Sustainable aquaculture is the commercial production of fish species using practices that are profitable, promote the growth of the local community, and have a minimal negative impact on the environment. With mounting evidence that wild fisheries are being overexploited and an alarming number of fish species are going extinct, the idea of sustainable aquaculture has developed and spread. A thorough definition and set of practitioner’s recommendations for sustainable aquaculture have been developed as a result of the detrimental environmental effects of conventional aquaculture, which have also inspired many who care about the oceans, fisheries, and food production.
Strategies for sustainable aquaculture growth:
Expansion of sustainable aquaculture necessitates additional technological innovations, policy support, and incentives throughout the value chain. Access to water, optimization of carrying capacity, identification and allocation of aquaculture zones, streamlining of licensing procedures in conjunction with good environmental practices and monitoring, availability of trained and skilled labor, production of quality seed and feeds, regulation of the use of chemicals and antibiotics, and stringent biosecurity protocols are examples of these.
Aquaculture can be developed in a variety of ways that are sustainable, such as ecological aquaculture, organic aquaculture, composite fish culture, integrated aquaculture, and closed recirculation systems.
Genetic improvement in breeding programs:
The genetic improvement of farmed species is a powerful tool for increasing aquaculture production efficiency.

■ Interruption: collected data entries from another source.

(* Let $(M,S)$ be a covered map and $(M^*,\bar S)$ its dual covered map. If the mobile $B=\Psi_2(M,S)$ is $(H',\pi,\alpha')$ with root $i$, then the mobile $\Psi_2(M^*,\bar S)$ is (isomorphic to) the map $(H',\pi^{-1},\alpha')$ with root $o=\alpha'(i)$.
   Context: Permutations compose right to left. A map is $M=(H,\sigma,\alpha)$, $H$ finite, $\alpha$ fixed-point-free involution, $\sigma$ permutation, $\langle\sigma,\alpha\rangle$ transitive, root $r\in H$, up to root-preserving relabelling; $\phi=\sigma\alpha$; dual $M^*=(H,\phi,\alpha)$ with the same root. $\pi_{|S}$ is obtained from the cycles of $\pi$ by erasing elements not in $S$. A covered map is $(M,S)$ with $S$ stable by $\alpha$ and $(S,\sigma_{|S},\alpha_{|S})$ a connecting unicellular map ($\sigma_{|S},\alpha_{|S}$ transitive on $S$, $S$ meets every cycle of $\sigma$ — $S=\emptyset$ allowed if $\sigma$ has one cycle — and $\sigma_{|S}\alpha_{|S}$ cyclic); its dual is $(M^*,H\setminus S)$. The motion function $\theta(h)=\sigma\alpha(h)$ ($h\in S$), $\sigma(h)$ ($h\notin S$) is cyclic and defines the order $r\prec_S\theta(r)\prec_S\cdots$. $\Delta(M,S)=(M,(I,O))$ with $I=\{h\in S:\alpha(h)\prec_S h\}\cup\{h\notin S:h\prec_S\alpha(h)\}$, $O=H\setminus I$. Unfolding of an oriented map $(M,(I,O))$: new elements $i,o\notin H$, $H'=H\cup\{i,o\}$, $I'=I\cup\{i\}$, $O'=O\cup\{o\}$, $\alpha'$ extends $\alpha$ with $\alpha'(i)=o$; $\sigma'$ inserts $i$ just before $r$ in the cycle of $\sigma$ containing $r$ and fixes $o$; $\phi'$ inserts $o$ just before $r$ in the cycle of $\phi$ containing $r$ and fixes $i$; $\pi_\circ=\sigma'_{|I'}$, $\pi_\bullet=\phi'_{|O'}$ (extended by the identity), $\pi=\pi_\circ\pi_\bullet^{-1}$. The mobile is $\Lambda_2(M,(I,O))=(H',\pi,\alpha')$ rooted at $i$, and $\Psi_2=\Lambda_2\circ\Delta$. *)

From mathcomp Require Import all_boot all_fingroup.
Set Implicit Arguments. Unset Strict Implicit. Unset Printing Implicit Defensive.

(* pi_{|S}: for x in S, the first pi^k x (k >= 1) lying in S;
   extended by the identity outside S. *)
Definition restr (T : finType) (p : T -> T) (S : {set T}) (x : T) : T :=
  if x \in S then
    iter (find (fun n => iter n.+1 p x \in S) (iota 0 #|T|)).+1 p x
  else x.

Section Maps.
Variable T : finType.

Definition is_map (s a : T -> T) : Prop :=
  [/\ forall h, a (a h) = h,
      forall h, a h != h &
      forall x y, connect [rel u v | (v == s u) || (v == a u)] x y].

Definition covered_map (s a : T -> T) (S : {set T}) : Prop :=
  [/\ forall h, (a h \in S) = (h \in S),
      forall x y, x \in S -> y \in S ->
        connect [rel u v | (v == restr s S u) || (v == restr a S u)] x y,
      (forall h, exists k, iter k s h \in S) \/
        (S = set0 /\ forall x y, fconnect s x y) &
      forall x y, x \in S -> y \in S ->
        fconnect (fun h => restr s S (restr a S h)) x y].

Definition motion (s a : T -> T) (S : {set T}) (h : T) : T :=
  if h \in S then s (a h) else s h.

(* position in the order r <_S theta(r) <_S ... *)
Definition pos (s a : T -> T) (r : T) (S : {set T}) (h : T) : nat :=
  findex (motion s a S) r h.

Definition DeltaI (s a : T -> T) (r : T) (S : {set T}) : {set T} :=
  [set h | if h \in S then pos s a r S (a h) < pos s a r S h
           else pos s a r S h < pos s a r S (a h)].

(* Unfolding: H' = H + {i, o}, with i = inr true, o = inr false. *)
Local Notation H' := (T + bool)%type.
Definition iH : H' := inr true.
Definition oH : H' := inr false.

Definition alpha' (a : T -> T) (x : H') : H' :=
  match x with inl h => inl (a h) | inr b => inr (~~ b) end.

(* i inserted just before r in the sigma-cycle of r; o fixed *)
Definition sigma' (s : T -> T) (r : T) (x : H') : H' :=
  match x with
  | inl h => if s h == r then iH else inl (s h)
  | inr true => inl r
  | inr false => oH
  end.

(* o inserted just before r in the phi-cycle of r (phi = sigma alpha); i fixed *)
Definition phi' (s a : T -> T) (r : T) (x : H') : H' :=
  match x with
  | inl h => if s (a h) == r then oH else inl (s (a h))
  | inr true => iH
  | inr false => inl r
  end.

Definition I' (I : {set T}) : {set H'} :=
  [set x | match x with inl h => h \in I | inr b => b end].

(* pi = pi_circ pi_bullet^{-1} of the mobile Lambda_2(M,(I,O)) *)
Definition Lambda2_pi (s a : T -> T) (r : T) (I : {set T}) : H' -> H' :=
  fun x => restr (sigma' s r) (I' I)
             (finv (restr (phi' s a r) (~: I' I)) x).

Definition Psi2_pi (s a : T -> T) (r : T) (S : {set T}) : H' -> H' :=
  Lambda2_pi s a r (DeltaI s a r S).

End Maps.

From mathcomp Require Import all_boot all_fingroup.
Set Implicit Arguments. Unset Strict Implicit. Unset Printing Implicit Defensive.

(* The dual covered map (M^*, H \ S) has the same motion function as (M, S),
   hence the same order on H; since alpha(h) and h are never equal, Delta
   orients every edge the other way: I^* = O.  Exchanging the two new darts i
   and o turns the unfolded sigma' (resp. phi') of the dual into the unfolded
   phi' (resp. sigma') of M, and exchanges I' and O'.  So the exchange of i
   and o conjugates pi^* = pi_circ^* (pi_bullet^* )^-1 into
   pi_bullet pi_circ^-1 = pi^-1. *)

Section Restriction.
Variables (T : finType) (p : T -> T).
Hypothesis p_inj : injective p.
Implicit Types (S : {set T}) (x y z : T).

Lemma iter_inj n : injective (iter n p).
Proof. by elim: n => [|n IHn] x y //= /p_inj; apply: IHn. Qed.

Lemma restr_first_return S z : z \in S ->
  let n := find (fun n => iter n.+1 p z \in S) (iota 0 #|T|) in
  [/\ restr p S z = iter n.+1 p z, iter n.+1 p z \in S &
      forall j, j < n -> iter j.+1 p z \notin S].
Proof.
move=> zS n.
have has_return : has (fun n => iter n.+1 p z \in S) (iota 0 #|T|).
  apply/hasP; exists (fingraph.order p z).-1.
    by rewrite mem_iota /= add0n -ltnS (orderSpred p z) ltnS max_card.
  by rewrite orderSpred iter_order.
have n_lt : n < #|T| by rewrite -[X in _ < X](size_iota 0) -has_find.
split; first by rewrite /restr zS.
  by have := nth_find 0 has_return; rewrite nth_iota.
move=> j lt_jn; have := before_find 0 lt_jn.
by rewrite nth_iota ?add0n ?(ltn_trans lt_jn) // => ->.
Qed.

Lemma restr_in S z : z \in S -> restr p S z \in S.
Proof. by case/restr_first_return => ->. Qed.

Lemma restr_stable S z : z \in S -> p z \in S -> restr p S z = p z.
Proof.
move=> zS pzS; case: (restr_first_return zS) => ->.
by case: (find _ _) => // n _ /(_ 0 isT); rewrite pzS.
Qed.

Lemma restr_inj S : injective (restr p S).
Proof.
pose n x := find (fun n => iter n.+1 p x \in S) (iota 0 #|T|).
have inj_le x y : x \in S -> y \in S -> n x <= n y ->
    restr p S x = restr p S y -> x = y.
  move=> xS yS le_xy; case: (restr_first_return xS) => -> _ _.
  case: (restr_first_return yS) => -> _ ret_y.
  rewrite -/(n x) -/(n y) -(subnK le_xy) -addnS addnC iterD => /iter_inj x_eq.
  rewrite x_eq in xS *; move: xS.
  case d_eq: (n y - n x) => [|d] //= dS.
  by have := ret_y d; rewrite -/(n y) dS -d_eq leq_subr => /(_ isT).
move=> x y; case xS: (x \in S); case yS: (y \in S).
- case: (leqP (n x) (n y)) => [le | /ltnW le] e; first exact: inj_le.
  exact/esym/inj_le.
- by move=> e; have := restr_in xS; rewrite e /restr !yS.
- by move=> e; have := restr_in yS; rewrite -e /restr !xS.
- by rewrite /restr xS yS.
Qed.

End Restriction.

Section Transport.
Variables (U : finType) (f p q : U -> U).
Hypothesis qf_fp : forall y, q (f y) = f (p y).

Lemma iter_transport n x : iter n q (f x) = f (iter n p x).
Proof. by elim: n => //= n ->. Qed.

Lemma restr_transport (S1 S2 : {set U}) x :
  (forall y, (f y \in S2) = (y \in S1)) -> restr q S2 (f x) = f (restr p S1 x).
Proof.
move=> memf; rewrite /restr memf.
have -> : find (fun n => iter n.+1 q (f x) \in S2) (iota 0 #|U|) =
          find (fun n => iter n.+1 p x \in S1) (iota 0 #|U|).
  by apply: eq_find => n; rewrite iter_transport memf.
by case: (x \in S1); rewrite ?iter_transport.
Qed.

Lemma finv_transport x :
  injective p -> injective q -> finv q (f x) = f (finv p x).
Proof.
by move=> p_inj q_inj; apply: (q_inj); rewrite (f_finv q_inj) qf_fp (f_finv p_inj).
Qed.

End Transport.

Lemma finv_comp_finv (U : finType) (A B : U -> U) :
    injective A -> injective B ->
  finv (fun x => A (finv B x)) =1 (fun x => B (finv A x)).
Proof. by move=> A_inj B_inj; apply: finv_eq_can => x; rewrite finv_f // f_finv. Qed.

Lemma eq_findex (U : finType) (f g : U -> U) : f =1 g -> findex f =2 findex g.
Proof.
move=> eq_fg x y; rewrite /findex /fingraph.orbit /fingraph.order.
rewrite (eq_card (eq_fconnect eq_fg x)); congr index.
by move: #|_| => n; elim: n x => //= n IHn x; rewrite IHn eq_fg.
Qed.

Section Motion.
Variables (T : finType) (s a : {perm T}) (S : {set T}).
Hypothesis alpha_stable : forall h, (a h \in S) = (h \in S).
Hypothesis S_meets_cycles :
  (forall h, exists k, iter k s h \in S) \/ (S = set0 /\ forall x y, fconnect s x y).
Hypothesis restr_phi_cyclic : forall x y, x \in S -> y \in S ->
  fconnect (fun h => restr s S (restr a S h)) x y.

Local Notation theta := (motion s a S).

Lemma motion_inj : injective theta.
Proof.
move=> x y; rewrite /motion.
case xS: (x \in S); case yS: (y \in S) => /perm_inj // xy.
- exact: (perm_inj xy).
- by move: xS; rewrite -alpha_stable xy yS.
- by move: yS; rewrite -alpha_stable -xy xS.
Qed.

Lemma iter_motion_notin y k : (forall j, j < k -> iter j s y \notin S) ->
  iter k theta y = iter k s y.
Proof.
elim: k => [//|k IHk] out_y; rewrite iterS IHk => [|j /ltnW]; last exact: out_y.
by rewrite /motion (negbTE (out_y k (ltnSn k))).
Qed.

Lemma motion_reaches h : (forall h, exists k, iter k s h \in S) ->
  exists2 z, z \in S & fconnect theta h z.
Proof.
move=> meets; have [k kS k_min] := ex_minnP (meets h).
exists (iter k s h) => //; rewrite -iter_motion_notin ?fconnect_iter //.
by move=> j lt_jk; apply/negP => /k_min; rewrite leqNgt lt_jk.
Qed.

(* Starting in S, theta applies alpha and then sigma until it returns to S,
   which is exactly one step of sigma_|S alpha_|S. *)
Lemma motion_connect_restr z :
  z \in S -> fconnect theta z (restr s S (restr a S z)).
Proof.
move=> zS; have azS : a z \in S by rewrite alpha_stable.
rewrite [restr a S z](restr_stable (@perm_inj _ a)) //.
case: (restr_first_return (@perm_inj _ s) azS) => -> _.
set n := find _ _ => out_az.
suff <- : iter n.+1 theta z = iter n.+1 s (a z) by apply: fconnect_iter.
rewrite iterSr {2}/motion zS iter_motion_notin -?iterSr // => j lt_jn.
by rewrite -iterSr; apply: out_az.
Qed.

Lemma motion_connect_in x y : x \in S -> y \in S -> fconnect theta x y.
Proof.
move=> xS /(restr_phi_cyclic xS) /iter_findex <-.
set F := fun h => restr s S (restr a S h).
suff F_in n : iter n F x \in S /\ fconnect theta x (iter n F x).
  by case: (F_in (findex F x y)).
elim: n => [|n [nS IHn]]; first by split=> //; apply: connect0.
rewrite iterS; split; last exact: connect_trans IHn (motion_connect_restr nS).
by apply: (restr_in (@perm_inj _ s)); apply: (restr_in (@perm_inj _ a)).
Qed.

Lemma motion_cyclic x y : fconnect theta x y.
Proof.
case: S_meets_cycles => [meets | [S0 s_cyclic]].
  have [zx zxS xzx] := motion_reaches x meets.
  have [zy zyS yzy] := motion_reaches y meets.
  apply: connect_trans xzx (connect_trans (motion_connect_in zxS zyS) _).
  by rewrite fconnect_sym //; apply: motion_inj.
by rewrite (@eq_fconnect _ _ s) // => h; rewrite /motion S0 in_set0.
Qed.

End Motion.

Lemma motion_dual (T : finType) (s a : T -> T) (S : {set T}) :
  involutive a -> motion (fun h => s (a h)) a (~: S) =1 motion s a S.
Proof.
by move=> aK h; rewrite /motion in_setC; case: (h \in S); rewrite /= ?aK.
Qed.

Lemma findex_inj (T : finType) (f : T -> T) x y z :
  fconnect f x y -> fconnect f x z -> findex f x y = findex f x z -> y = z.
Proof.
by move=> /iter_findex ey /iter_findex ez e; rewrite -[y]ey -[z]ez e.
Qed.

Lemma DeltaI_dual (T : finType) (s a : T -> T) (r : T) (S : {set T}) :
    involutive a -> (forall h, a h != h) ->
    (forall h, fconnect (motion s a S) r h) ->
  DeltaI (fun h => s (a h)) a r (~: S) = ~: DeltaI s a r S.
Proof.
move=> aK a_fixfree theta_cyclic; apply/setP => h.
rewrite /DeltaI /pos !inE !(eq_findex (motion_dual s S aK)).
have pos_neq : findex (motion s a S) r h != findex (motion s a S) r (a h).
  apply: contra_neq (a_fixfree h) => pos_eq.
  exact/esym/(findex_inj (theta_cyclic h) (theta_cyclic (a h)) pos_eq).
by case: (h \in S); rewrite /= -leqNgt ltn_neqAle ?pos_neq // eq_sym pos_neq.
Qed.

Definition swap_io (T : Type) (x : T + bool) : T + bool :=
  if x is inr b then inr (~~ b) else x.

Lemma swap_ioK (T : Type) : involutive (@swap_io T).
Proof. by case=> //= b; rewrite negbK. Qed.

Section Unfolding.
Variables (T : finType) (s a : T -> T) (r : T).
Hypotheses (s_inj : injective s) (aK : involutive a).

Lemma sigma'_inj (p : T -> T) : injective p -> injective (sigma' p r).
Proof.
move=> p_inj [x|[]] [y|[]] //=; rewrite /iH /oH;
  repeat case: ifP => /eqP; move=> *; subst; try congruence.
all: by congr inl; apply: p_inj; congruence.
Qed.

Lemma sigma'_dual x :
  sigma' (fun h => s (a h)) r (swap_io x) = swap_io (phi' s a r x).
Proof. by case: x => [h|[]] //=; case: ifP. Qed.

Lemma phi'_dual x :
  phi' (fun h => s (a h)) a r (swap_io x) = swap_io (sigma' s r x).
Proof. by case: x => [h|[]] //=; rewrite aK; case: ifP. Qed.

Lemma phi'_inj : injective (phi' s a r).
Proof.
have sa_inj : injective (fun h => s (a h)) by move=> u v /s_inj/(inv_inj aK).
move=> x y /(congr1 (@swap_io T)); rewrite -!sigma'_dual.
by move/(sigma'_inj sa_inj)/(can_inj (@swap_ioK T)).
Qed.

Lemma mem_I'_swap (I : {set T}) y : (swap_io y \in I' (~: I)) = (y \notin I' I).
Proof. by case: y => [h|b]; rewrite /= !inE. Qed.

Lemma Lambda2_pi_dual (I : {set T}) x :
  swap_io (Lambda2_pi (fun h => s (a h)) a r (~: I) x)
  = finv (Lambda2_pi s a r I) (swap_io x).
Proof.
set A := restr (sigma' s r) (I' I); set B := restr (phi' s a r) (~: I' I).
have A_inj : injective A by apply/restr_inj/sigma'_inj.
have B_inj : injective B by apply/restr_inj/phi'_inj.
have dual_A y : restr (phi' (fun h => s (a h)) a r) (~: I' (~: I)) (swap_io y)
                = swap_io (A y).
  apply: restr_transport => z; first exact: phi'_dual.
  by rewrite in_setC mem_I'_swap negbK.
have dual_B y : restr (sigma' (fun h => s (a h)) r) (I' (~: I)) (swap_io y)
                = swap_io (B y).
  by apply: restr_transport => z; rewrite ?sigma'_dual // mem_I'_swap in_setC.
have dual_A_inj : injective (restr (phi' (fun h => s (a h)) a r) (~: I' (~: I))).
  move=> u v; rewrite -[u]swap_ioK -[v]swap_ioK !dual_A.
  by move/(can_inj (@swap_ioK T))/A_inj ->.
rewrite /Lambda2_pi -{1}[x]swap_ioK.
rewrite (finv_transport dual_A _ A_inj dual_A_inj) dual_B.
by rewrite swap_ioK finv_comp_finv.
Qed.

End Unfolding.

Theorem mainTheorem13 (T : finType) (sigma alpha : {perm T}) (r : T)
    (S : {set T}) :
  is_map sigma alpha ->
  covered_map sigma alpha S ->
  exists f : {perm (T + bool)},
    [/\ f (iH T) = oH T,
        forall x, f (alpha' alpha x) = alpha' alpha (f x) &
        forall x, f (Psi2_pi (fun h => sigma (alpha h)) alpha r (~: S) x)
                  = finv (Psi2_pi sigma alpha r S) (f x)].
Proof.
move=> [alphaK alpha_fixfree _] [alpha_stable _ S_meets_cycles restr_phi_cyclic].
have theta_cyclic := motion_cyclic alpha_stable S_meets_cycles restr_phi_cyclic r.
exists (perm (can_inj (@swap_ioK T))); split=> [|[h|b]|x]; rewrite !permE //.
rewrite /Psi2_pi (DeltaI_dual alphaK alpha_fixfree theta_cyclic).
exact: (Lambda2_pi_dual r (@perm_inj _ sigma) alphaK).
Qed.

It contributes to a lower environmental footprint by lowering feed, land, and water requirements per unit of production. Aquaculture species from various taxa share two key characteristics: high intraspecific genetic diversity and high fecundity. These characteristics enable high selection intensities to be used, resulting in significant genetic gains for commercially important traits.
Biosecurity and disease control:
Aquaculture intensification and globalization of aquatic product trade have resulted in the emergence and re-emergence of infectious diseases, posing a significant economic and environmental challenge to society. The Progressive Management Pathway for Improving Aquaculture Biosecurity (PMP/AB) is a groundbreaking initiative launched in 2018 by FAO and partners. It was created as an extension of the progressive control pathway (PCP) approach, which has been widely adopted around the world to help countries develop systematic frameworks for planning and monitoring risk reduction strategies for the reduction, elimination, and eradication of major livestock and zoonotic diseases. This step-by-step approach allows for the definition and achievement of realistic disease control objectives.
Digitalization in aquaculture:
Digital applications are increasingly being deployed in aquaculture particularly to improve business planning and siting, farm stock management, environmental monitoring. It can also improve risk prevention, biosecurity, and intelligent automation of routine farm activities.
Integrated multi-trophic aquaculture:
Nutrients from uneaten feed and excreted waste of fed species become food for extractive species in integrated multi-trophic aquaculture (IMTA) systems, reducing nutrient release into the environment while increasing overall productivity. There is growing interest in IMTA as part of Blue Transformation programs; however, combining multiple species into an integrated system (e.g., seaweed farming and bivalve mollusk culture combined with finfish cage farming) requires significant architecture of facilities and equipment, as well as additional management to produce and market the multiple crops. IMTA, as a bioremediation system at sea, offers a potential solution to the problems caused by organic and inorganic wastes released into the environment by marine fed aquaculture.
To achieve future demand and reduce reliance on imports, aquaculture must grow faster than its current rate. Government assistance and private investment are urgently required for long-term growth.